By Sam Tabahriti
LONDON, April 23 (Reuters) – Britain is investigating how data from a health charity came to be advertised for sale on China’s Alibaba, a government minister said on Thursday, including one dataset that appeared to contain information from 500,000 people.
Science minister Ian Murray told lawmakers that the charity, UK Biobank, had informed the government on Monday that its data appeared to have been advertised for sale in three different listings by several sellers on Alibaba’s e-commerce platforms.
UK Biobank, a health research charity that provides anonymised data to accredited researchers, said the data from its 500,000 volunteers did not include their names, addresses, contact details or telephone numbers, Murray said.
“The government has spoken to the vendor today and they do not believe that there were any purchases from the three listings before they were taken down,” Murray said.
He added that the government had worked with UK Biobank, the Chinese government and the vendor to have the listings removed, and that the charity had revoked access to three research institutions identified as the source of the data.
BREACH PROMPTS SECURITY OVERHAUL
In a message published on its website, UK Biobank described the incident as a clear breach of contractual obligations and said it would carry out a comprehensive board-led investigation into the incident.

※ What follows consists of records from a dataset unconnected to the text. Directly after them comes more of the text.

(* Let $k\geq 3$ and let $G$ be a diregular $(2,k,+3)$-digraph. Let $u,v$ be distinct vertices with exactly one common out-neighbour $u_2$, and write $N^+(u)=\{u_1,u_2\}$, $N^+(v)=\{v_1,u_2\}$. Then $v_1\in N^{k-1}(u_1)\cup O(u)$ and $u_1\in N^{k-1}(v_1)\cup O(v)$.
   Context: A digraph is $k$-geodetic if for every ordered pair of vertices $x,y$ there is at most one directed path from $x$ to $y$ of length at most $k$ (the trivial path counts). A diregular $(2,k,+3)$-digraph is a $k$-geodetic digraph of order $1+2+\dots+2^k+3$ in which every vertex has in- and out-degree $2$. $N^+(x)$ is the set of out-neighbours of $x$; $N^l(x)$ is the set of end-vertices of directed paths of length $l$ starting at $x$. $d(x,y)$ is the directed distance; $O(x)=\{y: d(x,y)\geq k+1\}$ is the outlier set of $x$. *)

From mathcomp Require Import all_boot.
Set Implicit Arguments. Unset Strict Implicit. Unset Printing Implicit Defensive.

(* A digraph is a finite vertex type V with an arc relation e : rel V.
   A walk from x is a sequence p of vertices with x :: p an e-path;
   its length is size p and it ends at last x p. *)

Definition dwalk (V : finType) (e : rel V) (x y : V) (p : seq V) : bool :=
  path e x p && (last x p == y).

Definition outN (V : finType) (e : rel V) (x : V) : {set V} := [set y | e x y].
Definition inN (V : finType) (e : rel V) (x : V) : {set V} := [set y | e y x].

Definition k_geodetic (V : finType) (e : rel V) (k : nat) : Prop :=
  forall (x y : V) (p q : seq V),
    dwalk e x y p -> size p <= k -> dwalk e x y q -> size q <= k -> p = q.

Definition diregular_2k3 (V : finType) (e : rel V) (k : nat) : Prop :=
  [/\ k_geodetic e k,
      #|V| = (\sum_(i < k.+1) 2 ^ i) + 3 &
      forall x : V, #|outN e x| = 2 /\ #|inN e x| = 2].

Definition Nl (V : finType) (e : rel V) (l : nat) (x y : V) : Prop :=
  exists p : seq V, dwalk e x y p /\ size p = l.

(* y \in O(x): d(x,y) >= k+1, i.e. no walk of length <= k from x to y
   (including the case d(x,y) = infinity) *)
Definition outlier (V : finType) (e : rel V) (k : nat) (x y : V) : Prop :=
  forall l, l <= k -> ~ Nl e l x y.

From mathcomp Require Import all_boot.
Set Implicit Arguments. Unset Strict Implicit. Unset Printing Implicit Defensive.

(* If v1 is not an outlier of u, a walk of length at most k from u to v1 must
   start with the arc u -> u1 (starting with u -> u2 it would give a second walk
   from v to v1 besides the arc v -> v1), so u1 reaches v1 in j <= k - 1 steps.
   If j <= k - 2, then v and the 2^(k-j) >= 4 vertices of N^(k-j)(v1), except
   possibly u itself, are all outliers of u; but k-geodeticity makes the Moore tree
   of depth k rooted at u have 1 + 2 + ... + 2^k distinct vertices, so u has only
   three outliers. The second claim is the first with u and v exchanged. *)

Lemma card_bigcup_disjoint (I T : finType) (P : pred I) (F : I -> {set T}) :
  {in P &, forall i j, i != j -> [disjoint F i & F j]} ->
  #|\bigcup_(i | P i) F i| = \sum_(i | P i) #|F i|.
Proof.
move=> disjF; pose G i := if P i then F i else set0.
have -> : \bigcup_(i | P i) F i = \bigcup_i G i by rewrite big_mkcond.
rewrite -sum1_card partition_disjoint_bigcup => [|i j ij].
  rewrite [RHS]big_mkcond; apply: eq_bigr => i _.
  by rewrite sum1_card /G; case: (P i); rewrite ?cards0.
rewrite /G -setI_eq0; case Pi: (P i); last by rewrite set0I.
by case Pj: (P j); rewrite ?setI0 // setI_eq0 disjF.
Qed.

Section Walks.

Variables (V : finType) (e : rel V).

Lemma dwalk_nil x y : dwalk e x y [::] = (x == y).
Proof. by []. Qed.

Lemma dwalk0 x : dwalk e x x [::].
Proof. exact: eqxx. Qed.

Lemma dwalk_cons x y z p : dwalk e x y (z :: p) = e x z && dwalk e z y p.
Proof. by rewrite /dwalk /= andbA. Qed.

Lemma dwalk1 x y : e x y -> dwalk e x y [:: y].
Proof. by rewrite /dwalk /= => ->; rewrite eqxx. Qed.

Lemma dwalk_cat x y z p q : dwalk e x y p -> dwalk e y z q -> dwalk e x z (p ++ q).
Proof. by rewrite /dwalk cat_path last_cat => /andP[-> /eqP ->] /andP[-> ->]. Qed.

Lemma dwalk_rcons x y z p : dwalk e x y p -> e y z -> dwalk e x z (rcons p z).
Proof. by move=> hp /dwalk1 hz; rewrite -cats1; apply: dwalk_cat hp hz. Qed.

Lemma Nl0 x y : Nl e 0 x y <-> x = y.
Proof.
split=> [[p [hp sp]] | ->]; last by exists [::]; rewrite dwalk_nil.
by move: hp; rewrite (size0nil sp) dwalk_nil => /eqP.
Qed.

Lemma NlS l x y : Nl e l.+1 x y <-> exists2 z, e x z & Nl e l z y.
Proof.
split=> [[[|z p] [//]] | [z exz [p [hp <-]]]].
  by rewrite dwalk_cons => /andP[exz hp] [sp]; exists z => //; exists p.
by exists (z :: p); rewrite dwalk_cons exz hp.
Qed.

Lemma outN_set2_neq x a b : #|outN e x| = 2 -> outN e x = [set a; b] -> a != b.
Proof. by move=> deg2 out_x; move: deg2; rewrite out_x cards2; case: (a != b). Qed.

Variable k : nat.
Hypothesis geo : k_geodetic e k.

Lemma geodetic_size x y p q :
  dwalk e x y p -> dwalk e x y q -> size p <= k -> size q <= k -> size p = size q.
Proof. by move=> hp hq sp sq; rewrite (geo hp sp hq sq). Qed.

Lemma geodetic_closed_gt x p : dwalk e x x p -> 0 < size p -> k < size p.
Proof.
move=> hp; rewrite !ltnNge; apply: contra => sp.
by rewrite (geo hp sp (dwalk0 x) (leq0n k)).
Qed.

Lemma geodetic_head x a b y p q :
  e x a -> e x b -> dwalk e a y p -> dwalk e b y q -> size p < k -> size q < k ->
  a = b.
Proof.
move=> exa exb hp hq sp sq.
have hap : dwalk e x y (a :: p) by rewrite dwalk_cons exa.
have hbq : dwalk e x y (b :: q) by rewrite dwalk_cons exb.
by case: (geo hap sp hbq sq).
Qed.

End Walks.

Fixpoint Nlset (V : finType) (e : rel V) (l : nat) (x : V) : {set V} :=
  if l is l'.+1 then \bigcup_(y in outN e x) Nlset e l' y else [set x].

Definition ball (V : finType) (e : rel V) (k : nat) (x : V) : {set V} :=
  \bigcup_(l < k.+1) Nlset e l x.

Section Balls.

Variables (V : finType) (e : rel V).

Lemma NlsetP l x y : reflect (Nl e l x y) (y \in Nlset e l x).
Proof.
elim: l x => [|l IH] x /=.
  rewrite in_set1; apply: (iffP eqP) => [->|/Nl0 ->] //.
  exact/Nl0.
apply: (iffP bigcupP) => [[z] | /NlS [z exz /IH]]; last by exists z; rewrite ?inE.
by rewrite inE => exz /IH Nzy; apply/NlS; exists z.
Qed.

Lemma ballP k x y : reflect (exists2 l, l <= k & Nl e l x y) (y \in ball e k x).
Proof.
rewrite /ball; apply: (iffP bigcupP) => [[l _ /NlsetP Nxy] | [l lk /NlsetP Nxy]].
  by exists l; rewrite // -ltnS.
by exists (Ordinal (lk : l < k.+1)).
Qed.

Lemma outlierP k x y : reflect (outlier e k x y) (y \notin ball e k x).
Proof.
apply: (iffP negP) => [not_in l lk Nxy | outl /ballP[l]]; last exact: outl.
by apply: not_in; apply/ballP; exists l.
Qed.

Variables (k d : nat).
Hypotheses (geo : k_geodetic e k) (outdeg : forall x, #|outN e x| = d).

Lemma card_Nlset l x : l <= k -> #|Nlset e l x| = d ^ l.
Proof.
elim: l x => [|l IH] x lk /=; first by rewrite cards1.
rewrite card_bigcup_disjoint => [|y z]; last first.
  rewrite !inE => exy exz; apply: contraNT; rewrite -setI_eq0 => /set0Pn[w].
  rewrite inE => /andP[/NlsetP[p [hp sp]] /NlsetP[q [hq sq]]].
  by apply/eqP; apply: (geodetic_head geo exy exz hp hq); rewrite ?sp ?sq.
rewrite (eq_bigr (fun=> d ^ l)) => [|y _]; last exact/IH/ltnW.
by rewrite sum_nat_const outdeg expnS.
Qed.

Lemma card_ball x : #|ball e k x| = \sum_(l < k.+1) d ^ l.
Proof.
rewrite card_bigcup_disjoint => [|l m _ _ lm].
  by apply: eq_bigr => l _; rewrite card_Nlset // -ltnS.
rewrite -setI_eq0; apply/set0Pn => [[w]].
rewrite inE => /andP[/NlsetP[p [hp sp]] /NlsetP[q [hq sq]]].
move/eqP: lm; apply; apply/val_inj.
by rewrite /= -sp -sq (geodetic_size geo hp hq) // ?sp ?sq -ltnS.
Qed.

Lemma card_outliers x : #|~: ball e k x| = #|V| - \sum_(l < k.+1) d ^ l.
Proof. by rewrite -(cardsC (ball e k x)) card_ball addKn. Qed.

End Balls.

Section CommonOutNeighbour.

Variables (V : finType) (e : rel V) (k : nat) (u v u1 u2 v1 : V).
Hypotheses (k_ge2 : 2 <= k) (geo : k_geodetic e k)
  (outdeg : forall x, #|outN e x| = 2) (outliers_u : #|~: ball e k u| <= 3).
Hypotheses (uv : u != v) (out_u : outN e u = [set u1; u2])
  (out_v : outN e v = [set v1; u2]).
Hypotheses (u12 : u1 != u2) (v12 : v1 != u2) (uv1 : u1 != v1).

Let k_gt0 : 0 < k := ltnW k_ge2.

Let eu1 : e u u1. Proof. by have := set21 u1 u2; rewrite -out_u inE. Qed.
Let eu2 : e u u2. Proof. by have := set22 u1 u2; rewrite -out_u inE. Qed.
Let ev1 : e v v1. Proof. by have := set21 v1 u2; rewrite -out_v inE. Qed.
Let ev2 : e v u2. Proof. by have := set22 v1 u2; rewrite -out_v inE. Qed.

Let arc_u z : e u z -> z = u1 \/ z = u2.
Proof. by move=> euz; apply/set2P; rewrite -out_u inE. Qed.

Lemma walk_to_v1_via_u1 l :
  l <= k -> Nl e l u v1 -> exists2 j, l = j.+1 & Nl e j u1 v1.
Proof.
case: l => [_ /Nl0 v1u | l lk /NlS[z /arc_u[] -> Nzv1]]; last 2 first.
- by exists l.
- have [q [hq sq]] := Nzv1.
  have lk' : size q < k by rewrite sq.
  have /eqP := geodetic_head geo ev2 ev1 hq (dwalk0 _ _) lk' k_gt0.
  by rewrite eq_sym (negbTE v12).
have evu : e v u by rewrite v1u.
have /eqP := geodetic_head geo evu ev2 (dwalk1 eu2) (dwalk0 _ _) k_ge2 k_gt0.
by rewrite v1u (negbTE v12).
Qed.

Section ShortWalk.

Variable p : seq V.
Hypotheses (walk_p : dwalk e u1 v1 p) (short_p : (size p).+2 <= k).

Let size_p_gt0 : 0 < size p.
Proof. by move: walk_p; case: p => //; rewrite dwalk_nil (negbTE uv1). Qed.

Let size_p_lt : size p < k := ltnW short_p.

Lemma v_outlier : v \notin ball e k u.
Proof.
apply/outlierP => -[_ /Nl0 /eqP | l lk /NlS[z /arc_u[] -> [q [hq sq]]]].
- exact/negP.
- have walk_q1 : dwalk e u1 v1 (rcons q v1) := dwalk_rcons hq ev1.
  have sq1 : size (rcons q v1) = size p.
    by apply: (geodetic_size geo walk_q1 walk_p); rewrite ?size_rcons ?sq // ltnW.
  have walk_q2 : dwalk e u1 u2 (rcons q u2) := dwalk_rcons hq ev2.
  have sq2 : size (rcons q u2) < k by rewrite size_rcons -(size_rcons q v1) sq1.
  have /eqP := geodetic_head geo eu1 eu2 walk_q2 (dwalk0 _ _) sq2 k_gt0.
  by rewrite (negbTE u12).
- have walk_q : dwalk e u2 u2 (rcons q u2) := dwalk_rcons hq ev2.
  have := geodetic_closed_gt geo walk_q.
  rewrite size_rcons sq => /(_ isT); apply/negP.
  by rewrite ltnS -ltnNge.
Qed.

Lemma v_notin_Nlset : v \notin Nlset e (k - size p) v1.
Proof.
apply/negP => /NlsetP[q [hq sq]].
have walk_q : dwalk e v1 v1 (rcons q v1) := dwalk_rcons hq ev1.
have := geodetic_closed_gt geo walk_q.
rewrite size_rcons sq => /(_ isT); apply/negP.
by rewrite ltnS -ltnNge ltn_subrL size_p_gt0 k_gt0.
Qed.

Lemma Nlset_outliers : Nlset e (k - size p) v1 :\ u \subset ~: ball e k u.
Proof.
apply/subsetP => w; rewrite in_setD1 in_setC => /andP[wu /NlsetP[r [hr sr]]].
have sr_lt : size r < k by rewrite sr ltn_subrL size_p_gt0 k_gt0.
apply/outlierP => -[_ /Nl0 uw | l lk /NlS[z /arc_u[] -> [q [hq sq]]]].
- by rewrite uw eqxx in wu.
- have walk_pr : dwalk e u1 w (p ++ r) := dwalk_cat walk_p hr.
  have size_pr : size (p ++ r) = k by rewrite size_cat sr subnKC // ltnW.
  have := geodetic_size geo walk_pr hq; rewrite size_pr sq leqnn ltnW //.
  by move=> /(_ isT isT) kl; rewrite kl ltnn in lk.
- have sq_lt : size q < k by rewrite sq.
  have /eqP := geodetic_head geo ev2 ev1 hq hr sq_lt sr_lt.
  by rewrite eq_sym (negbTE v12).
Qed.

Lemma no_short_walk : False.
Proof.
set W := Nlset e (k - size p) v1.
have W_gt3 : 3 < #|W|.
  rewrite (card_Nlset geo outdeg) ?leq_subr //.
  apply: (@leq_trans (2 ^ 2)) => //.
  by rewrite leq_exp2l // leq_subRL ?addn2 // ltnW.
have sub : v |: (W :\ u) \subset ~: ball e k u.
  by rewrite subUset sub1set in_setC v_outlier Nlset_outliers.
have W_le : #|W| <= #|v |: (W :\ u)|.
  rewrite cardsU1 in_setD1 (negbTE v_notin_Nlset) andbF (cardsD1 u W).
  by case: (u \in W).
have := leq_trans W_le (leq_trans (subset_leq_card sub) outliers_u).
by rewrite leqNgt W_gt3.
Qed.

End ShortWalk.

Lemma Nl_or_outlier : Nl e k.-1 u1 v1 \/ outlier e k u v1.
Proof.
have [/ballP[l lk /walk_to_v1_via_u1] | /outlierP] := boolP (v1 \in ball e k u); last by right.
move=> /(_ lk) [j lj [p [walk_p sp]]]; left.
have [short_p | long_p] := leqP (size p).+2 k; first by case: (no_short_walk walk_p short_p).
have kp : k = (size p).+1 by apply/eqP; rewrite eqn_leq -ltnS long_p sp -lj lk.
by exists p; rewrite kp.
Qed.

End CommonOutNeighbour.

Theorem corollary2 (V : finType) (e : rel V) (k : nat) (u v u1 u2 v1 : V) :
  3 <= k ->
  diregular_2k3 e k ->
  u != v ->
  outN e u = [set u1; u2] ->
  outN e v = [set v1; u2] ->
  outN e u :&: outN e v = [set u2] ->
  (Nl e k.-1 u1 v1 \/ outlier e k u v1) /\
  (Nl e k.-1 v1 u1 \/ outlier e k v u1).
Proof.
move=> k_ge3 [geo card_V deg] uv out_u out_v common_u2.
have outdeg x : #|outN e x| = 2 by case: (deg x).
have outliers x : #|~: ball e k x| <= 3 by rewrite (card_outliers geo outdeg) card_V addKn.
have u12 := outN_set2_neq (outdeg u) out_u.
have v12 := outN_set2_neq (outdeg v) out_v.
have uv1 : u1 != v1.
  apply: contra u12 => /eqP u1v1.
  by rewrite -in_set1 -common_u2 in_setI out_u out_v u1v1 !set21.
have k_ge2 : 2 <= k := ltnW k_ge3.
split; first exact: Nl_or_outlier k_ge2 geo outdeg (outliers u) uv out_u out_v u12 v12 uv1.
by apply: Nl_or_outlier k_ge2 geo outdeg (outliers v) _ out_v out_u v12 u12 _; rewrite eq_sym.
Qed.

The charity said it had temporarily suspended all access to its research platform while additional security measures were put in place to limit the size of files that can be exported and to monitor downloads for suspicious activity.
UK Biobank confirmed the data involved did not contain personally identifying information and said that there was no evidence of participants being identified against their will.
Murray, who described the incident as an unacceptable abuse of UK Biobank’s data and said the government took the matter “extremely seriously,” said the charity had referred itself to the Information Commissioner’s Office.